» The problem
In the listing below, find the line that contains "From Stdlib Require Import Bool Arith." and the line that contains "PAnd (a b : pform)". Quote both and every line between them, exactly, and nothing more.

» Information provided
(* The logics $\mathsf{E}$, $\mathsf{M}$, $\mathsf{MC}$, $\mathsf{EN}$, $\mathsf{MN}$, $\mathsf{K}$, $\mathsf{CE}$, $\mathsf{CM}$, $\mathsf{CMC}$, $\mathsf{CEN}$, $\mathsf{CMN}$, $\mathsf{CK}$ and $\mathsf{CKID}$ have the uniform Lyndon interpolation property (ULIP), and hence also the uniform interpolation property (UIP) and the Lyndon interpolation property (LIP).
   Context: Formulas of $\mathcal{L}_\Box$: atoms, $\bot$, $\wedge,\vee,\to$, unary $\Box$; of $\mathcal{L}_\triangleright$: atoms, $\bot$, $\wedge,\vee,\to$, binary $\triangleright$. $\top:=\bot\to\bot$, $\neg A:=A\to\bot$. Modal logics (in $\mathcal{L}_\Box$): $\mathsf{E}$ is the smallest set containing all instances of classical tautologies and closed under modus ponens and the rule: from $\phi\leftrightarrow\psi$ infer $\Box\phi\leftrightarrow\Box\psi$. Axiom schemes: (M) $\Box(\phi\wedge\psi)\to\Box\phi\wedge\Box\psi$; (C) $\Box\phi\wedge\Box\psi\to\Box(\phi\wedge\psi)$; (N) $\Box\top$. $\mathsf{EN}=\mathsf{E}+(N)$, $\mathsf{M}=\mathsf{E}+(M)$, $\mathsf{MN}=\mathsf{M}+(N)$, $\mathsf{MC}=\mathsf{M}+(C)$, $\mathsf{K}=\mathsf{MC}+(N)$. Conditional logics (in $\mathcal{L}_\triangleright$): $\mathsf{CE}$ is the smallest set containing all instances of classical tautologies and closed under modus ponens and the rule: from $\phi_0\leftrightarrow\phi_1$ and $\psi_0\leftrightarrow\psi_1$ infer $(\phi_0\triangleright\psi_0)\to(\phi_1\triangleright\psi_1)$. Axiom schemes: (CM) $(\phi\triangleright\psi\wedge\theta)\to(\phi\triangleright\psi)\wedge(\phi\triangleright\theta)$; (CC) $(\phi\triangleright\psi)\wedge(\phi\triangleright\theta)\to(\phi\triangleright\psi\wedge\theta)$; (CN) $\phi\triangleright\top$; (ID) $\phi\triangleright\phi$. $\mathsf{CEN}=\mathsf{CE}+(CN)$, $\mathsf{CM}=\mathsf{CE}+(CM)$, $\mathsf{CMN}=\mathsf{CM}+(CN)$, $\mathsf{CMC}=\mathsf{CM}+(CC)$, $\mathsf{CK}=\mathsf{CMC}+(CN)$, $\mathsf{CKID}=\mathsf{CK}+(ID)$. Positive/negative variables: $V^+(p)=\{p\}$, $V^-(p)=\varnothing$; $V^\pm(\bot)=V^\pm(\top)=\varnothing$; $V^\pm(\phi\odot\psi)=V^\pm(\phi)\cup V^\pm(\psi)$ for $\odot\in\{\wedge,\vee\}$; $V^+(\phi\to\psi)=V^-(\phi)\cup V^+(\psi)$, $V^-(\phi\to\psi)=V^+(\phi)\cup V^-(\psi)$; $V^\pm(\Box\phi)=V^\pm(\phi)$; $V^+(\phi\triangleright\psi)=V^-(\phi)\cup V^+(\psi)$, $V^-(\phi\triangleright\psi)=V^+(\phi)\cup V^-(\psi)$; $V=V^+\cup V^-$. $p^\circ$-free: $p\notin V^\circ(\cdot)$. ULIP for a logic $L$: for every formula $\phi$, atom $p$, $\circ\in\{+,-\}$ there are $p^\circ$-free formulas $\forall^\circ p\,\phi$, $\exists^\circ p\,\phi$ with $V^\dagger(\cdot)\subseteq V^\dagger(\phi)$ for both $\dagger\in\{+,-\}$, such that $L\vdash\forall^\circ p\,\phi\to\phi$; for every $p^\circ$-free $\psi$, $L\vdash\psi\to\phi$ implies $L\vdash\psi\to\forall^\circ p\,\phi$; $L\vdash\phi\to\exists^\circ p\,\phi$; for every $p^\circ$-free $\psi$, $L\vdash\phi\to\psi$ implies $L\vdash\exists^\circ p\,\phi\to\psi$. UIP: same with polarities omitted ($p$-free, $V$). LIP: if $L\vdash\phi\to\psi$ there is $\theta$ with $V^\dagger(\theta)\subseteq V^\dagger(\phi)\cap V^\dagger(\psi)$ for both $\dagger$, $L\vdash\phi\to\theta$, $L\vdash\theta\to\psi$. *)

From Stdlib Require Import Bool Arith.

(* Propositional formulas (used to define instance of a classical    *)
(* tautology: a formula obtained from a tautology by substituting     *)
(* arbitrary formulas of the object language for its atoms).          *)
Inductive pform : Type :=
| PAtom (n : nat)
| PBot
| PAnd (a b : pform)
| POr (a b : pform)
| PImp (a b : pform).

Fixpoint peval (v : nat -> bool) (f : pform) : bool :=
  match f with
  | PAtom n => v n
  | PBot => false
  | PAnd a b => peval v a && peval v b
  | POr a b => peval v a || peval v b
  | PImp a b => implb (peval v a) (peval v b)
  end.

Definition tautology (f : pform) : Prop := forall v, peval v f = true.

(* [occ true p f = true]  <->  p ∈ V^+(f);                            *)
(* [occ false p f = true] <->  p ∈ V^-(f).                            *)
(* A logic is given as its set of theorems L : F -> Prop.             *)
Definition vars {F : Type} (occ : bool -> nat -> F -> bool) (p : nat) (f : F) : bool :=
  occ true p f || occ false p f.

Definition ULIP_gen {F : Type} (imp : F -> F -> F) (occ : bool -> nat -> F -> bool)
  (L : F -> Prop) : Prop :=
  forall (phi : F) (p : nat) (s : bool),
    (exists A : F,
        occ s p A = false /\
        (forall (t : bool) (q : nat), occ t q A = true -> occ t q phi = true) /\
        L (imp A phi) /\
        (forall psi : F, occ s p psi = false -> L (imp psi phi) -> L (imp psi A))) /\
    (exists E : F,
        occ s p E = false /\
        (forall (t : bool) (q : nat), occ t q E = true -> occ t q phi = true) /\
        L (imp phi E) /\
        (forall psi : F, occ s p psi = false -> L (imp phi psi) -> L (imp E psi))).

Definition UIP_gen {F : Type} (imp : F -> F -> F) (occ : bool -> nat -> F -> bool)
  (L : F -> Prop) : Prop :=
  forall (phi : F) (p : nat),
    (exists A : F,
        vars occ p A = false /\
        (forall q : nat, vars occ q A = true -> vars occ q phi = true) /\
        L (imp A phi) /\
        (forall psi : F, vars occ p psi = false -> L (imp psi phi) -> L (imp psi A))) /\
    (exists E : F,
        vars occ p E = false /\
        (forall q : nat, vars occ q E = true -> vars occ q phi = true) /\
        L (imp phi E) /\
        (forall psi : F, vars occ p psi = false -> L (imp phi psi) -> L (imp E psi))).

Definition LIP_gen {F : Type} (imp : F -> F -> F) (occ : bool -> nat -> F -> bool)
  (L : F -> Prop) : Prop :=
  forall phi psi : F, L (imp phi psi) ->
    exists theta : F,
      (forall (t : bool) (q : nat), occ t q theta = true ->
          occ t q phi = true /\ occ t q psi = true) /\
      L (imp phi theta) /\ L (imp theta psi).

Inductive mform : Type :=
| MAtom (n : nat)
| MBot
| MAnd (a b : mform)
| MOr (a b : mform)
| MImp (a b : mform)
| MBox (a : mform).

Definition MTop : mform := MImp MBot MBot.
Definition MIff (a b : mform) : mform := MAnd (MImp a b) (MImp b a).

Fixpoint msubst (sg : nat -> mform) (f : pform) : mform :=
  match f with
  | PAtom n => sg n
  | PBot => MBot
  | PAnd a b => MAnd (msubst sg a) (msubst sg b)
  | POr a b => MOr (msubst sg a) (msubst sg b)
  | PImp a b => MImp (msubst sg a) (msubst sg b)
  end.

(* polarized occurrences: s = true is V^+, s = false is V^- *)
Fixpoint mocc (s : bool) (p : nat) (f : mform) : bool :=
  match f with
  | MAtom q => s && Nat.eqb p q
  | MBot => false
  | MAnd a b => mocc s p a || mocc s p b
  | MOr a b => mocc s p a || mocc s p b
  | MImp a b => mocc (negb s) p a || mocc s p b
  | MBox a => mocc s p a
  end.

Inductive mprov (Ax : mform -> Prop) : mform -> Prop :=
| mp_taut (t : pform) (sg : nat -> mform) : tautology t -> mprov Ax (msubst sg t)
| mp_ax (f : mform) : Ax f -> mprov Ax f
| mp_mp (f g : mform) : mprov Ax (MImp f g) -> mprov Ax f -> mprov Ax g
| mp_re (f g : mform) : mprov Ax (MIff f g) -> mprov Ax (MIff (MBox f) (MBox g)).

Definition axM (f : mform) : Prop :=
  exists a b, f = MImp (MBox (MAnd a b)) (MAnd (MBox a) (MBox b)).
Definition axC (f : mform) : Prop :=
  exists a b, f = MImp (MAnd (MBox a) (MBox b)) (MBox (MAnd a b)).
Definition axN (f : mform) : Prop := f = MBox MTop.

Inductive modal_logic : Type := LE | LM | LMC | LEN | LMN | LK.

Definition modal_axioms (L : modal_logic) (f : mform) : Prop :=
  match L with
  | LE => False
  | LM => axM f
  | LMC => axM f \/ axC f
  | LEN => axN f
  | LMN => axM f \/ axN f
  | LK => axM f \/ axC f \/ axN f
  end.

Definition mtheorems (L : modal_logic) : mform -> Prop := mprov (modal_axioms L).

Definition ULIP_m (L : mform -> Prop) : Prop := ULIP_gen MImp mocc L.
Definition UIP_m (L : mform -> Prop) : Prop := UIP_gen MImp mocc L.
Definition LIP_m (L : mform -> Prop) : Prop := LIP_gen MImp mocc L.

Inductive cform : Type :=
| CAtom (n : nat)
| CBot
| CAnd (a b : cform)
| COr (a b : cform)
| CImp (a b : cform)
| CCond (a b : cform).   (* a ▷ b *)

Definition CTop : cform := CImp CBot CBot.
Definition CIff (a b : cform) : cform := CAnd (CImp a b) (CImp b a).

Fixpoint csubst (sg : nat -> cform) (f : pform) : cform :=
  match f with
  | PAtom n => sg n
  | PBot => CBot
  | PAnd a b => CAnd (csubst sg a) (csubst sg b)
  | POr a b => COr (csubst sg a) (csubst sg b)
  | PImp a b => CImp (csubst sg a) (csubst sg b)
  end.

Fixpoint cocc (s : bool) (p : nat) (f : cform) : bool :=
  match f with
  | CAtom q => s && Nat.eqb p q
  | CBot => false
  | CAnd a b => cocc s p a || cocc s p b
  | COr a b => cocc s p a || cocc s p b
  | CImp a b => cocc (negb s) p a || cocc s p b
  | CCond a b => cocc (negb s) p a || cocc s p b
  end.

Inductive cprov (Ax : cform -> Prop) : cform -> Prop :=
| cp_taut (t : pform) (sg : nat -> cform) : tautology t -> cprov Ax (csubst sg t)
| cp_ax (f : cform) : Ax f -> cprov Ax f
| cp_mp (f g : cform) : cprov Ax (CImp f g) -> cprov Ax f -> cprov Ax g
| cp_re (a0 a1 b0 b1 : cform) :
    cprov Ax (CIff a0 a1) -> cprov Ax (CIff b0 b1) ->
    cprov Ax (CImp (CCond a0 b0) (CCond a1 b1)).

Definition axCM (f : cform) : Prop :=
  exists a b c, f = CImp (CCond a (CAnd b c)) (CAnd (CCond a b) (CCond a c)).
Definition axCC (f : cform) : Prop :=
  exists a b c, f = CImp (CAnd (CCond a b) (CCond a c)) (CCond a (CAnd b c)).
Definition axCN (f : cform) : Prop := exists a, f = CCond a CTop.
Definition axID (f : cform) : Prop := exists a, f = CCond a a.

Inductive cond_logic : Type := LCE | LCM | LCMC | LCEN | LCMN | LCK | LCKID.

Definition cond_axioms (L : cond_logic) (f : cform) : Prop :=
  match L with
  | LCE => False
  | LCM => axCM f
  | LCMC => axCM f \/ axCC f
  | LCEN => axCN f
  | LCMN => axCM f \/ axCN f
  | LCK => axCM f \/ axCC f \/ axCN f
  | LCKID => axCM f \/ axCC f \/ axCN f \/ axID f
  end.

Definition ctheorems (L : cond_logic) : cform -> Prop := cprov (cond_axioms L).

Definition ULIP_c (L : cform -> Prop) : Prop := ULIP_gen CImp cocc L.
Definition UIP_c (L : cform -> Prop) : Prop := UIP_gen CImp cocc L.
Definition LIP_c (L : cform -> Prop) : Prop := LIP_gen CImp cocc L.

(* Boxes are read as conditionals [⊥ ▷ a], so it suffices to treat the conditional logics.
   Uniform interpolants are built by recursion on the nesting depth of conditionals.  Put
   [f] in conjunctive normal form over atoms and conditionals; for a clause that is not
   already a theorem, [∀^s p] of the clause is the disjunction of its [p^s]-free literals,
   of the conditionals [c' ▷ w] that together with negative conditionals of the clause yield
   one of its positive conditionals by a rule instance, and of the negations [¬ (c'' ▷ e)]
   of conditionals following from its negative ones, where [c'], [w], [c''], [e] are
   interpolants of smaller depth.  Correctness is proved semantically: each logic is sound
   and complete for valuations of atoms and conditionals closed under its rule schema, and
   if the interpolant fails at such a valuation, moving the [p^s]-occurrences gives another
   rule-closed valuation that falsifies the clause but keeps every [p^s]-free formula true.
   UIP and LIP follow from ULIP by eliminating polarized atoms one at a time. *)

From Stdlib Require Import List Bool Arith Lia Classical ClassicalEpsilon.
Import ListNotations.

Definition classic_dec (P : Prop) : {P} + {~ P} := excluded_middle_informative P.

Definition cform_eq_dec : forall x y : cform, {x = y} + {x <> y}.
Proof. decide equality; apply Nat.eq_dec. Defined.

Definition cpair_eq_dec : forall x y : cform * cform, {x = y} + {x <> y}.
Proof. decide equality; apply cform_eq_dec. Defined.

(** * Classical reasoning over conditional formulas *)

(* Conditionals are treated as propositional atoms: [vc a b] is the truth value of [a ▷ b]. *)
Fixpoint ceval (va : nat -> bool) (vc : cform -> cform -> bool) (f : cform) : bool :=
  match f with
  | CAtom n => va n
  | CBot => false
  | CAnd a b => ceval va vc a && ceval va vc b
  | COr a b => ceval va vc a || ceval va vc b
  | CImp a b => implb (ceval va vc a) (ceval va vc b)
  | CCond a b => vc a b
  end.

Lemma ceval_csubst va vc sg t :
  ceval va vc (csubst sg t) = peval (fun n => ceval va vc (sg n)) t.
Proof. induction t; simpl; try rewrite IHt1, IHt2; reflexivity. Qed.

Fixpoint cgens (f : cform) : list cform :=
  match f with
  | CAtom n => [CAtom n]
  | CBot => []
  | CAnd a b | COr a b | CImp a b => cgens a ++ cgens b
  | CCond a b => [CCond a b]
  end.

Fixpoint index_of (g : cform) (l : list cform) : nat :=
  match l with
  | [] => 0
  | h :: t => if cform_eq_dec g h then 0 else S (index_of g t)
  end.

Lemma nth_index_of g l : In g l -> nth (index_of g l) l CBot = g.
Proof.
  induction l as [|h t IH]; simpl; [tauto|].
  destruct (cform_eq_dec g h); [subst; auto|].
  intros [H|H]; [congruence|auto].
Qed.

Fixpoint skeleton (G : list cform) (f : cform) : pform :=
  match f with
  | CAtom n => PAtom (index_of (CAtom n) G)
  | CBot => PBot
  | CAnd a b => PAnd (skeleton G a) (skeleton G b)
  | COr a b => POr (skeleton G a) (skeleton G b)
  | CImp a b => PImp (skeleton G a) (skeleton G b)
  | CCond a b => PAtom (index_of (CCond a b) G)
  end.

» Exercise answer
From Stdlib Require Import Bool Arith.

(* Propositional formulas (used to define instance of a classical    *)
(* tautology: a formula obtained from a tautology by substituting     *)
(* arbitrary formulas of the object language for its atoms).          *)
Inductive pform : Type :=
| PAtom (n : nat)
| PBot
| PAnd (a b : pform)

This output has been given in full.